One aside, I was reading on Wikipedia about the "Russell's Paradox". And the wiki article stated:
Let us call a set "abnormal" if it is
a member of itself, and "normal"
otherwise. For example, take the set
of all squares. That set is not itself
a square, and therefore is not a
member of the set of all squares. So
it is "normal". On the other hand, if
we take the complementary set that
contains all non-squares, that set is
itself not a square and so should be
one of its own members. It is
"abnormal".
The point about squares seems intuitively wrong to me. All the squares added together seem to imply a larger square. Obviously I get the larger paradox about sets. But what I am curious about is playing around with shapes in code and analyzing them empirically in code. So for example a potential routine might be draw four squares, put them together with no space between them, and analyze the dimensions and properties of the new shape that they make.
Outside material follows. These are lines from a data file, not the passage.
Lemma sat_const_conj D (Y : team M) (t1 : term S) (ts : seq (term S)) :
  sat D Y (const_conj t1 ts) <-> forall t, List.In t (t1 :: ts) -> const_on Y t.
Proof.
rewrite /const_conj sat_foldl_const sat_dep_nil; split.
  by case=> H1 Hts t [<-|/Hts].
by move=> H; split=> [|t Ht]; apply: H; [left | right].
Qed.

Lemma flat_sat_tensor D (X : team M) (phi psi : formula S) :
  flat phi -> flat psi -> is_team D X -> fv_in D phi -> fv_in D psi ->
  (sat D X (Tensor phi psi) <->
   forall s, X s -> sat D (singleton s) phi \/ sat D (singleton s) psi).
Proof.
move=> Fphi Fpsi TX Fv_phi Fv_psi; split.
  case=> Y [Z [XYZ [HY HZ]]] s /XYZ [Ys|Zs].
    left; apply: (flat_sat_sub Fphi TX Fv_phi _).1 HY s Ys.
    by move=> x Yx; apply/XYZ; left.
  right; apply: (flat_sat_sub Fpsi TX Fv_psi _).1 HZ s Zs.
  by move=> x Zx; apply/XYZ; right.
move=> H.
exists (fun s => X s /\ sat D (singleton s) phi).
exists (fun s => X s /\ ~ sat D (singleton s) phi).
split; [|split].
- move=> s; split=> [Xs|[[]|[]]] //.
  by case: (classic (sat D (singleton s) phi)); [left|right].
- by apply/(flat_sat_sub Fphi TX Fv_phi) => [s []|s []].
- apply/(flat_sat_sub Fpsi TX Fv_psi) => [s []|s [Xs not_phi]] //.
  by case: (H s Xs).
Qed.

Lemma flat_sat_imp_neg D (X : team M) (phi psi : formula S) :
  flat phi -> flat psi -> is_team D X -> fv_in D phi -> fv_in D psi ->
  (sat D X (Imp (Imp phi Bot) psi) <->
   forall s, X s -> ~ sat D (singleton s) phi -> sat D (singleton s) psi).
Proof.
move=> Fphi Fpsi TX Fv_phi Fv_psi; split.
  move=> H s Xs not_phi; apply: (H _ (singleton_sub Xs)).
  by apply/(flat_sat_imp_bot Fphi (is_team_sub TX (singleton_sub Xs)) Fv_phi) => _ ->.
move=> H Y YX /(flat_sat_imp_bot Fphi (is_team_sub TX YX) Fv_phi) not_phi.
apply/(flat_sat_sub Fpsi TX Fv_psi YX) => s Ys.
exact: H (YX _ Ys) (not_phi s Ys).
Qed.

End TeamSemantics.

Lemma dep_lequiv_imp_const_conj S (t1 : term S) (ts : seq (term S)) (tn : term S) :
  lequiv (Dep (t1 :: ts) tn) (Imp (const_conj t1 ts) (Dep [::] tn)).
Proof.
move=> M D X _ _ _; split.
  move=> Hdep Y YX /sat_const_conj Hc; apply/(sat_dep_nil D) => s s' Ys Ys'.
  apply: Hdep (YX _ Ys) (YX _ Ys') _ => u Hu.
  exact: Hc u Hu s s' Ys Ys'.
move=> H s s' Xs Xs' agree.
pose P : team M := fun x => x = s \/ x = s'.
have PX : forall x, P x -> X x by move=> x [->|->].
have Pc : sat D P (const_conj t1 ts).
  apply/sat_const_conj => t Ht x y [->|->] [->|->] //; [|symmetry]; exact: agree.
by apply: (sat_dep_nil D P tn).1 (H P PX Pc) _ _ (or_introl erefl) (or_intror erefl).
Qed.

Lemma lequiv_imp_bot S (phi nphi : formula S) :
  (forall M, downward_closed M phi) ->
  (forall M D (Y : team M), sat D Y nphi <-> forall s, Y s -> ~ sat D (singleton s) phi) ->
  lequiv nphi (Imp phi Bot).
Proof.
move=> dc_phi sat_nphi M D X _ _ _.
by rewrite sat_nphi downward_closed_sat_imp_bot.
Qed.

Lemma nrel_lequiv_imp_bot S (r : relsym S) (a : 'I_(rel_ar r) -> term S) :
  lequiv (NRel r a) (Imp (Rel r a) Bot).
Proof.
apply: lequiv_imp_bot => [M D X Y YX H s /YX /H //|M D Y].
split=> H s Ys HR; first exact: H s Ys (HR s erefl).
by apply: (H s Ys) => _ ->.
Qed.

Lemma neq_lequiv_imp_bot S (t u : term S) : lequiv (NEq t u) (Imp (Eq t u) Bot).
Proof.
apply: lequiv_imp_bot => [M D X Y YX H s /YX /H //|M D Y].
split=> H s Ys Heq; first exact: H s Ys (Heq s erefl).
by apply: (H s Ys) => _ ->.
Qed.

Lemma ndep_lequiv_imp_bot S (ts : seq (term S)) (t : term S) :
  lequiv (NDep ts t) (Imp (Dep ts t) Bot).
Proof.
apply: lequiv_imp_bot => [M D X Y YX H s s' /YX Xs /YX Xs'|M D Y]; first exact: H.
split=> H s Ys; first by case: (H s Ys).
by apply: (H s Ys) => _ _ -> ->.
Qed.

Lemma flat_double_neg_lequiv S (phi : formula S) :
  flat phi -> lequiv (Imp (Imp phi Bot) Bot) phi.
Proof.
move=> Fphi M D X TX _ Fv.
have neg_singleton s :
    X s -> sat D (singleton s) (Imp phi Bot) <-> ~ sat D (singleton s) phi.
  move=> Xs; rewrite (flat_sat_imp_bot Fphi (is_team_sub TX (singleton_sub Xs)) Fv).
  by split=> [H|H _ ->] //; apply: H.
rewrite (Fphi M D X TX Fv) sat_imp_bot; last first.
  by move=> Y _ H s Ys; apply: sat_imp_sub H; apply: singleton_sub.
split=> H s Xs.
  by apply: NNPP; rewrite -neg_singleton //; apply: H.
by rewrite neg_singleton //; apply; apply: H.
Qed.

Lemma flat_tensor_lequiv S (phi psi : formula S) :
  flat phi -> flat psi -> lequiv (Tensor phi psi) (Imp (Imp phi Bot) psi).
Proof.
move=> Fphi Fpsi M D X TX [Fv_phi Fv_psi] _.
rewrite flat_sat_tensor // flat_sat_imp_neg //.
split=> H s Xs; first by case: (H s Xs).
by case: (classic (sat D (singleton s) phi)) => [|/(H s Xs)]; [left|right].
Qed.

Theorem lemma3p1 (S : signature) :
  (forall (t1 : term S) (ts : seq (term S)) (tn : term S),
      lequiv (Dep (t1 :: ts) tn) (Imp (const_conj t1 ts) (Dep [::] tn))) /\
  (forall (r : relsym S) (a : 'I_(rel_ar r) -> term S),
      lequiv (NRel r a) (Imp (Rel r a) Bot)) /\
  (forall t u : term S, lequiv (NEq t u) (Imp (Eq t u) Bot)) /\
  (forall (ts : seq (term S)) (t : term S),
      lequiv (NDep ts t) (Imp (Dep ts t) Bot)) /\
  (forall phi : formula S, flat phi -> lequiv (Imp (Imp phi Bot) Bot) phi) /\
  (forall phi psi : formula S, flat phi -> flat psi ->
      lequiv (Tensor phi psi) (Imp (Imp phi Bot) psi)).
Proof.
split; first exact: dep_lequiv_imp_const_conj.
split; first exact: nrel_lequiv_imp_bot.
split; first exact: neq_lequiv_imp_bot.
split; first exact: ndep_lequiv_imp_bot.
split; first exact: flat_double_neg_lequiv.
exact: flat_tensor_lequiv.
Qed.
Perhaps even allowing free hand drawing with a mouse. But for now just drawing in code is fine.
If you're willing to use C++ I would recommend two libraries:
boost::GGL generic geometry library handles lots of geometric primitives such as polygons, lines, points, and so forth. It's still pretty new, but I have a feeling that it's going to be huge when it's officially added into boost.
CGAL, the Computational Geometry Algorithms Library: this thing is huge, and will do almost anything you'll ever need for geometry programming. It has very nice bindings for Qt as well if you're interested in doing some graphical stuff.
I guess OpenGL might not be the best starting point for this. It's quite low-level, and you will have to fight with unexpected behavior and actual driver issues. If you emphasize the "playing" part, go for Processing. It's a programming environment specifically designed to play with computer graphics.
However, if you really want to take the shape testing path, an in-depth study of computer vision algorithms in inevitable. On the other hand, if you just want to compare your shapes to a reference image, without rotation, scaling, or other distortions, the Visual Difference Predictor library might help you.
I highly recommend NeHe for any beginner OpenGL programmer, once you complete the first few tutorials you should be able to have fun with geometry any way you want.